Exercise prompt
Every line of the entries below that includes "case" belongs in the answer, copied as written.

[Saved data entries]

(* Let $(\mathfrak g,[\cdot,\cdot]_{\mathfrak g},E,S)$ be a quadratic ENL algebra and $K:\mathfrak g^*\to\mathfrak g$ a linear map. Then $K$ is an ENE-relative Rota–Baxter operator on $(\mathfrak g,[\cdot,\cdot]_{\mathfrak g},E)$ with respect to the coadjoint ENE-representation $(\mathfrak g^*;E^*,\mathrm{ad}^* )$ if and only if $B:=K\circ S^\sharp:\mathfrak g\to\mathfrak g$ is a Rota–Baxter operator of weight $0$ on the ENL algebra $(\mathfrak g,[\cdot,\cdot]_{\mathfrak g},E)$, i.e. $[Bx,By]_{\mathfrak g}=B([Bx,y]_{\mathfrak g}+[x,By]_{\mathfrak g})$ for all $x,y$ and $E\circ B=B\circ E$.
   Context: Vector spaces are finite-dimensional over an algebraically closed field of characteristic zero. An ENL algebra is a Lie algebra with linear $E$ satisfying $E[x,y]=[x,Ey]$ for all $x,y$. A quadratic ENL algebra $(\mathfrak g,E,S)$ is an ENL algebra with nondegenerate symmetric bilinear form $S$ such that $S([x,y],z)+S(y,[x,z])=0$ and $S(Ex,y)=S(x,Ey)$; $S^\sharp:\mathfrak g\to\mathfrak g^*$ is $\langle S^\sharp x,y\rangle=S(x,y)$. Coadjoint: $\langle\mathrm{ad}^*_x\xi,y\rangle=-\langle\xi,[x,y]\rangle$, $E^*$ the dual map. An ENE-relative Rota–Baxter operator with respect to $(\mathfrak g^*;E^*,\mathrm{ad}^* )$ is a linear $K:\mathfrak g^*\to\mathfrak g$ with $[K\xi,K\eta]_{\mathfrak g}=K(\mathrm{ad}^*_{K\xi}\eta-\mathrm{ad}^*_{K\eta}\xi)$ for all $\xi,\eta$ and $E\circ K=K\circ E^*$. *)

From HB Require Import structures.
From mathcomp Require Import all_boot all_algebra all_field.
Set Implicit Arguments. Unset Strict Implicit. Unset Printing Implicit Defensive.
Import GRing.Theory.
Local Open Scope ring_scope.

(* Finite-dimensional vector spaces over F are modelled by [vectType F];
   the dual g^* of g is the space of linear forms 'Hom(g, GRing.regular F). *)
Section ENL.
Variables (F : fieldType) (V : vectType F).

Definition dualv := 'Hom(V, GRing.regular F).

Definition is_lie_bracket (br : V -> V -> V) : Prop :=
  [/\ (forall a x y z, br (a *: x + y) z = a *: br x z + br y z),
      (forall a x y z, br z (a *: x + y) = a *: br z x + br z y),
      (forall x, br x x = 0) &
      (forall x y z, br x (br y z) + br y (br z x) + br z (br x y) = 0)].

Definition is_ENL (br : V -> V -> V) (E : 'End(V)) : Prop :=
  is_lie_bracket br /\ (forall x y, E (br x y) = br x (E y)).

Definition is_quadratic_ENL (br : V -> V -> V) (E : 'End(V)) (S : V -> V -> F)
  : Prop :=
  is_ENL br E /\
  [/\ (forall a x y z, S (a *: x + y) z = a * S x z + S y z),
      (forall x y, S x y = S y x),
      (forall x, (forall y, S x y = 0) -> x = 0),
      (forall x y z, S (br x y) z + S y (br x z) = 0) &
      (forall x y, S (E x) y = S x (E y))].

Definition Ssharp (S : V -> V -> F) (x : V) : dualv := linfun (fun y : V => (S x y : GRing.regular F)).

Definition coad (br : V -> V -> V) (x : V) (xi : dualv) : dualv :=
  linfun (fun y : V => - xi (br x y)).

Definition dualmap (E : 'End(V)) (xi : dualv) : dualv := comp_lfun xi E.

Definition is_ENE_relRB_coad (br : V -> V -> V) (E : 'End(V)) (K : 'Hom(dualv, V))
  : Prop :=
  (forall xi eta : dualv,
      br (K xi) (K eta) = K (coad br (K xi) eta - coad br (K eta) xi)) /\
  (forall xi, E (K xi) = K (dualmap E xi)).

Definition is_RB0_ENL (br : V -> V -> V) (E : 'End(V)) (B : V -> V) : Prop :=
  (forall x y, br (B x) (B y) = B (br (B x) y + br x (B y))) /\
  (forall x, E (B x) = B (E x)).

End ENL.

(* S^sharp is a linear isomorphism g -> g^* (nondegeneracy and dim g^* = dim g).
   Invariance of S says exactly that it intertwines the adjoint and coadjoint
   actions, ad^*_u (S^sharp y) = S^sharp [u, y], and self-adjointness of E says
   E^* S^sharp = S^sharp E.  Substituting xi = S^sharp x, eta = S^sharp y and
   using antisymmetry of the bracket, the two defining identities of K become
   those of B = K S^sharp. *)
From HB Require Import structures.
From mathcomp Require Import all_boot all_algebra all_field.
Set Implicit Arguments. Unset Strict Implicit. Unset Printing Implicit Defensive.
Import GRing.Theory.
Local Open Scope ring_scope.

Lemma linfunE_linear (F : fieldType) (aT rT : vectType F) (f : aT -> rT) :
  (forall a x y, f (a *: x + y) = a *: f x + f y) -> forall x, linfun f x = f x.
Proof.
move=> f_lin x.
pose fL : {linear aT -> rT} := HB.pack f (GRing.isLinear.Build F aT rT _ f f_lin).
exact: (lfunE fL x).
Qed.

Lemma lie_bracket_anti (F : fieldType) (V : vectType F) (br : V -> V -> V) :
  is_lie_bracket br -> forall x y, br y x = - br x y.
Proof.
case=> br_linl br_linr br_alt _ x y.
have br_addl u v w : br (u + v) w = br u w + br v w.
  by rewrite -[u]scale1r br_linl !scale1r.
have br_addr u v w : br w (u + v) = br w u + br w v.
  by rewrite -[u]scale1r br_linr !scale1r.
have := br_alt (x + y).
rewrite br_addl !br_addr !br_alt add0r addr0 addrC => /eqP.
by rewrite addr_eq0 => /eqP.
Qed.

Section SymmetricForm.
Variables (F : fieldType) (V : vectType F) (S : V -> V -> F).
Hypothesis S_linl : forall a x y z, S (a *: x + y) z = a * S x z + S y z.
Hypothesis S_sym : forall x y, S x y = S y x.

Lemma S_linr a x y z : S z (a *: x + y) = a * S z x + S z y.
Proof. by rewrite S_sym S_linl !(S_sym z). Qed.

Lemma SsharpE x y : Ssharp S x y = S x y.
Proof. by rewrite linfunE_linear // => a u v; rewrite S_linr. Qed.

Lemma Ssharp_linear a x y : Ssharp S (a *: x + y) = a *: Ssharp S x + Ssharp S y.
Proof. by apply/lfunP => z; rewrite add_lfunE scale_lfunE !SsharpE S_linl. Qed.

Definition Ssharp_lfun : 'Hom(V, dualv V) := linfun (Ssharp S).

Lemma Ssharp_lfunE x : Ssharp_lfun x = Ssharp S x.
Proof. by rewrite linfunE_linear //; apply: Ssharp_linear. Qed.

Lemma SsharpD x y : Ssharp S (x + y) = Ssharp S x + Ssharp S y.
Proof. by rewrite -!Ssharp_lfunE linearD. Qed.

Lemma SsharpN x : Ssharp S (- x) = - Ssharp S x.
Proof. by rewrite -!Ssharp_lfunE linearN. Qed.

Hypothesis S_nondeg : forall x, (forall y, S x y = 0) -> x = 0.

Lemma Ssharp_surj (xi : dualv V) : exists x, xi = Ssharp S x.
Proof.
have kerL : lker Ssharp_lfun == 0%VS.
  apply/lker0P => x y; rewrite !Ssharp_lfunE => Sxy.
  apply/eqP; rewrite -subr_eq0; apply/eqP/S_nondeg => z.
  by rewrite -SsharpE SsharpD SsharpN Sxy subrr lfunE.
have imL : limg Ssharp_lfun = fullv.
  apply/eqP; rewrite eqEdim subvf limg_dim_eq ?(eqP kerL) ?capv0 //.
  have dim_dual : dim (dualv V) = dim V := muln1 (dim V).
  by rewrite !dimvf dim_dual leqnn.
have : xi \in limg Ssharp_lfun by rewrite imL memvf.
by case/memv_imgP => x _ ->; exists x; rewrite Ssharp_lfunE.
Qed.

End SymmetricForm.

Section InvariantForm.
Variables (F : fieldType) (V : vectType F) (br : V -> V -> V) (E : 'End(V)).
Variable S : V -> V -> F.
Hypothesis S_linl : forall a x y z, S (a *: x + y) z = a * S x z + S y z.
Hypothesis S_sym : forall x y, S x y = S y x.
Hypothesis br_linr : forall a x y z, br z (a *: x + y) = a *: br z x + br z y.
Hypothesis S_invariant : forall x y z, S (br x y) z + S y (br x z) = 0.
Hypothesis S_E_selfadjoint : forall x y, S (E x) y = S x (E y).

Lemma coadE x (xi : dualv V) y : coad br x xi y = - xi (br x y).
Proof. by rewrite linfunE_linear // => a u v; rewrite br_linr linearP opprD scalerN. Qed.

Lemma coad_Ssharp u y : coad br u (Ssharp S y) = Ssharp S (br u y).
Proof.
apply/lfunP => z; rewrite coadE !SsharpE //.
by apply/eqP; rewrite eq_sym -addr_eq0 S_invariant.
Qed.

Lemma dualmap_Ssharp y : dualmap E (Ssharp S y) = Ssharp S (E y).
Proof. by apply/lfunP => z; rewrite comp_lfunE !SsharpE // S_E_selfadjoint. Qed.

Hypothesis br_anti : forall x y, br y x = - br x y.

Lemma coad_Ssharp_sub u v x y :
  coad br u (Ssharp S y) - coad br v (Ssharp S x) = Ssharp S (br u y + br x v).
Proof. by rewrite !coad_Ssharp SsharpD // (br_anti x v) SsharpN // opprK. Qed.

End InvariantForm.

Theorem proposition6p7 (F : closedFieldType) (hchar : [pchar F] =i pred0)
  (V : vectType F) (br : V -> V -> V) (E : 'End(V)) (S : V -> V -> F)
  (hQ : is_quadratic_ENL br E S) (K : 'Hom(dualv V, V)) :
  is_ENE_relRB_coad br E K <-> is_RB0_ENL br E (fun x => K (Ssharp S x)).
Proof.
case: hQ => [[br_lie _] [S_linl S_sym S_nondeg S_inv S_E]].
have br_linr : forall a x y z, br z (a *: x + y) = a *: br z x + br z y.
  by case: br_lie.
have coad_sub := coad_Ssharp_sub S_linl S_sym br_linr S_inv (lie_bracket_anti br_lie).
have dualmapE := dualmap_Ssharp S_linl S_sym S_E.
have Ssharp_onto := Ssharp_surj S_linl S_sym S_nondeg.
split=> [[K_rb K_E] | [B_rb B_E]]; split.
- by move=> x y; rewrite K_rb coad_sub.
- by move=> x; rewrite K_E dualmapE.
- move=> xi eta; have [x ->] := Ssharp_onto xi; have [y ->] := Ssharp_onto eta.
  by rewrite B_rb coad_sub.
- by move=> xi; have [x ->] := Ssharp_onto xi; rewrite B_E dualmapE.
Qed.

Exercise solution
case=> br_linl br_linr br_alt _ x y.
by case/memv_imgP => x _ ->; exists x; rewrite Ssharp_lfunE.
case: hQ => [[br_lie _] [S_linl S_sym S_nondeg S_inv S_E]].
  by case: br_lie.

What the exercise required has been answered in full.